Protein evolution revisited
Published in Systems Biology in Reproductive Medicine, 2018
Peter L. Davies, Laurie A. Graham
The repeated evolution (reinvention) of linear repetitive proteins like type I AFP or the AFGPs, which are >60% one amino acid type and have only secondary structure, is plausible. But for the C-type lectin type II AFP with a diverse amino acid composition, five disulfide bridges in exactly the same locations, and clear-cut sequence homology, it is inconceivable that this protein could have been reinvented three times during the evolution of fishes.
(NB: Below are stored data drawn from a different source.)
Lemma has_sum_inner X Y : sqsummable X -> sqsummable Y ->
  exists s, has_sum (fun i => inner (X i) (Y i)) s.
Proof.
move=> sX sY; have sXY (c : C) : cabs2 c = 1 -> sqsummable (fun i => X i + c *: Y i).
  by move=> c1; apply: sqsummableD => //; apply: sqsummableZ.
have h1 := has_sum_sqnorm (sXY 1 ltac:(by rewrite cabs2E; ring)).
have h2 := has_sum_sqnorm (sXY (-1) ltac:(by rewrite /= cabs2E; ring)).
have h3 := has_sum_sqnorm (sXY 'i ltac:(by rewrite cabs2E; ring)).
have h4 := has_sum_sqnorm (sXY (- 'i) ltac:(by rewrite /= cabs2E; ring)).
have := has_sumMl 4^-1 (has_sumD (has_sumD (has_sumD h1 (has_sumN h2))
   (has_sumMl 'i h3)) (has_sumN (has_sumMl 'i h4))).
move/eq_has_sum => h; eexists; apply: h => i /=.
by rewrite (polarization (X i)) scale1r !(innerxx Hip).
Qed.

Lemma has_sum_innerC X Y s : has_sum (fun i => inner (X i) (Y i)) s ->
  has_sum (fun i => inner (Y i) (X i)) (conjc s).
Proof. by move/has_sumJ; apply: eq_has_sum => i; rewrite -(innerC Hip). Qed.

Lemma has_sum_inner_lincomb (a b c d : C) (P Q P' Q' : I -> V) v1 v2 v3 v4 :
  has_sum (fun i => inner (P i) (P' i)) v1 -> has_sum (fun i => inner (P i) (Q' i)) v2 ->
  has_sum (fun i => inner (Q i) (P' i)) v3 -> has_sum (fun i => inner (Q i) (Q' i)) v4 ->
  has_sum (fun i => inner (a *: P i + b *: Q i) (c *: P' i + d *: Q' i))
    (a * conjc c * v1 + a * conjc d * v2 + b * conjc c * v3 + b * conjc d * v4).
Proof.
move=> h1 h2 h3 h4.
have := has_sumD (has_sumD (has_sumD (has_sumMl (a * conjc c) h1)
   (has_sumMl (a * conjc d) h2)) (has_sumMl (b * conjc c) h3)) (has_sumMl (b * conjc d) h4).
apply: eq_has_sum => i /=.
by rewrite !(innerDl Hip) !(innerDr Hip) !(innerZl Hip) !(innerZr Hip); ring.
Qed.

End SquareSummable.

Section HilbertSchmidtTrace.
Variable R : realType.
Local Notation C := R[i].
Variable V : lmodType C.
Variable inner : V -> V -> C.
Hypothesis Hip : is_inner_product inner.
Hypothesis Hc : hcomplete inner.
Variable I : choiceType.
Variable e : I -> V.
Hypothesis Hb : is_orthonormal_basis inner e.
Local Notation hs_sum := (hs_sum inner e).
Local Notation trace := (trace inner e).

Lemma hs_sqsummable T : (hs_sum T < +oo)%E -> sqsummable inner (fun i => T (e i)).
Proof. by rewrite (hs_sumE Hip). Qed.

Lemma has_sum_hs T : (hs_sum T < +oo)%E ->
  has_sum (fun i => inner (T (e i)) (T (e i))) (fine (hs_sum T))%:C.
Proof. by move/hs_sqsummable/(has_sum_sqnorm Hip); rewrite -(hs_sumE Hip). Qed.

Lemma hs_sum_has_sum T v : has_sum (fun i => inner (T (e i)) (T (e i))) v ->
  hs_sum T = (complex.Re v)%:E.
Proof.
move=> Tv; rewrite (hs_sumE Hip); apply: esum_has_sum => [i|]; first exact: sqnorm_ge0.
by apply: eq_has_sum Tv => i; rewrite (innerxx Hip).
Qed.

Lemma has_sum_trace T Ts S : is_adjoint inner T Ts ->
  (hs_sum S < +oo)%E -> (hs_sum Ts < +oo)%E ->
  has_sum (fun i => inner (S (e i)) (Ts (e i))) (trace (T \o S)).
Proof.
move=> aT hS hTs; have [s Ss] := has_sum_inner Hip (hs_sqsummable hS) (hs_sqsummable hTs).
have ex : exists s, has_sum (fun i => inner ((T \o S) (e i)) (e i)) s.
  by exists s; apply: eq_has_sum Ss => i /=; rewrite aT.
by apply: eq_has_sum (xgetPex 0 ex) => i /=; rewrite aT.
Qed.

Lemma hs_sum_adjoint_fin T Ts : is_adjoint inner T Ts ->
  (hs_sum T < +oo)%E -> (hs_sum Ts < +oo)%E.
Proof. by move=> aT; rewrite (hs_sum_adjoint Hip Hc Hb aT). Qed.

Lemma has_sum_hs_adjoint T Ts : is_adjoint inner T Ts -> (hs_sum T < +oo)%E ->
  has_sum (fun i => inner (Ts (e i)) (Ts (e i))) (fine (hs_sum T))%:C.
Proof.
move=> aT hT; rewrite -(hs_sum_adjoint Hip Hc Hb aT).
exact/has_sum_hs/(hs_sum_adjoint_fin aT).
Qed.

(* ||T||_2 = ||T^*||_2 for T = B + a D^*, whose cross terms are tr(D B) and tr(B D). *)
Lemma trace_comm B Bs D Ds : is_adjoint inner B Bs -> is_adjoint inner D Ds ->
  (hs_sum B < +oo)%E -> (hs_sum D < +oo)%E -> trace (B \o D) = trace (D \o B).
Proof.
move=> aB aD hB hD; have hBs := hs_sum_adjoint_fin aB hB; have hDs := hs_sum_adjoint_fin aD hD.
have sBs := has_sum_hs_adjoint aB hB; have sDs := has_sum_hs_adjoint aD hD.
have tDB := has_sum_trace aD hB hDs; have tBD := has_sum_trace aB hD hBs.
have key (a : C) : complex.Re (conjc a * trace (D \o B)) = complex.Re (conjc a * trace (B \o D)).
  have aT : is_adjoint inner (fun x => 1 *: B x + a *: Ds x) (fun x => 1 *: Bs x + conjc a *: D x).
    move=> x y; rewrite (innerDl Hip) !(innerZl Hip) (innerDr Hip) !(innerZr Hip) aB.
    by rewrite (adjoint_sym Hip aD) conjcK rmorph1.
  have := hs_sum_adjoint Hip Hc Hb aT.
  rewrite (hs_sum_has_sum (has_sum_inner_lincomb Hip 1 a 1 a (has_sum_hs hB) tDB
    (has_sum_innerC Hip tDB) sDs)).
  rewrite (hs_sum_has_sum (has_sum_inner_lincomb Hip 1 (conjc a) 1 (conjc a) sBs
    (has_sum_innerC Hip tBD) tBD (has_sum_hs hD))) => -[].
  move: (trace (D \o B)) (trace (B \o D)) => [x y] [x' y']; case: a aT => a b _ /=; lra.
have := key 1; have := key 'i.
by move: (trace (D \o B)) (trace (B \o D)) => [x y] [x' y'] /= k1 k2; congr (_ +i* _); lra.
Qed.

(* The middle terms <S e_i, S^* e_i> and <S^* e_i, S e_i> sum to tr(S^2) and its conjugate. *)
Lemma sqr_hs_norm_re_op S Ss : is_adjoint inner S Ss -> (hs_sum S < +oo)%E ->
  hs_norm inner e (re_op S Ss) ^+ 2 =
    2^-1 * (hs_norm inner e S ^+ 2 + complex.Re (trace (S \o S))).
Proof.
move=> aS hS; have hSs := hs_sum_adjoint_fin aS hS.
have sSs := has_sum_hs_adjoint aS hS; have tSS := has_sum_trace aS hS hSs.
have := has_sum_inner_lincomb Hip 2^-1 2^-1 2^-1 2^-1 (has_sum_hs hS) tSS
  (has_sum_innerC Hip tSS) sSs.
move/(eq_has_sum (g := fun i => inner (re_op S Ss (e i)) (re_op S Ss (e i)))).
have reE i : inner (2^-1 *: S (e i) + 2^-1 *: Ss (e i)) (2^-1 *: S (e i) + 2^-1 *: Ss (e i)) =
  inner (re_op S Ss (e i)) (re_op S Ss (e i)) by rewrite /re_op scalerDr.
move=> /(_ reE) /hs_sum_has_sum; rewrite !sqr_hs_norm => ->.
have -> : (2^-1 : C) = (2^-1 : R)%:C by rewrite fmorphV rmorph_nat.
rewrite conjc_real; move: (trace _) (fine (hs_sum S)) => [x y] n /=; lra.
Qed.

End HilbertSchmidtTrace.

Lemma unit_disc_bound (R : realFieldType) (x y p q c : R) :
  0 <= x -> 0 <= y -> x ^+ 2 + y ^+ 2 <= 1 -> 0 <= p -> 0 <= q -> 0 <= c ->
  x ^+ 2 * p + y ^+ 2 * q + 2 * (x * y * c) <= Num.max p q + c.
Proof.
move=> x0 y0 xy1 p0 q0 c0.
have pM : p <= Num.max p q by rewrite le_max lexx.
have qM : q <= Num.max p q by rewrite le_max lexx orbT.
have : 0 <= x ^+ 2 * (Num.max p q - p) by rewrite mulr_ge0 ?sqr_ge0 ?subr_ge0.
have : 0 <= y ^+ 2 * (Num.max p q - q) by rewrite mulr_ge0 ?sqr_ge0 ?subr_ge0.
have : 0 <= Num.max p q * (1 - (x ^+ 2 + y ^+ 2)) by rewrite mulr_ge0 ?subr_ge0 // (le_trans p0).
have : 0 <= c * (x - y) ^+ 2 by rewrite mulr_ge0 ?sqr_ge0.
have : 0 <= c * (1 - (x ^+ 2 + y ^+ 2)) by rewrite mulr_ge0 ?subr_ge0.
nra.
Qed.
There had to be another explanation for the scattered distribution of this complex globular antifreeze in three well-separated branches of teleosts. When comparing the genes from the most phylogenetically distant fishes – the herring and smelt, we realized that the intron sequences of their type II AFP genes are around 97% identical, whereas the introns of non-AFP genes are very dissimilar. Clearly the AFP genes diverged less than a few 10s of millions of years ago, even though the two species separated ~200 mya ago. The only explanation for this phenomenon is lateral gene transfer between vertebrate species, which was heresy at the time this report was published in PLoS ONE (Graham et al. 2008). A follow-up study showed that the type II AFP gene had been deposited in an intergenic region of the smelt genome, between two known genes (Graham et al. 2012). Syntenic comparisons showed that the corresponding region of other teleosts had the same flanking genes but without any insertions of AFP or C-type lectin genes. Thus, the pattern of genes was only interrupted in the smelt. The most plausible explanation for how this lateral transfer happened is that these fishes fertilize their eggs externally and their spawning ranges overlap. We suspect that herring DNA derived from milt was in contact with smelt sperm during fertilization of smelt eggs and was drawn into the region where the two pronuclei fuse and became incorporated into the embryo. This piggy-backing of foreign DNA on sperm has been used as a way to produce transgenic animals (Patil and Khoo 1996; Collares et al. 2010) and although it is likely to be an extremely rare event in nature, the conferring of a beneficial trait – the ability to prevent death in icy seawater – can be highly selected for, as is antibiotic resistance in bacteria.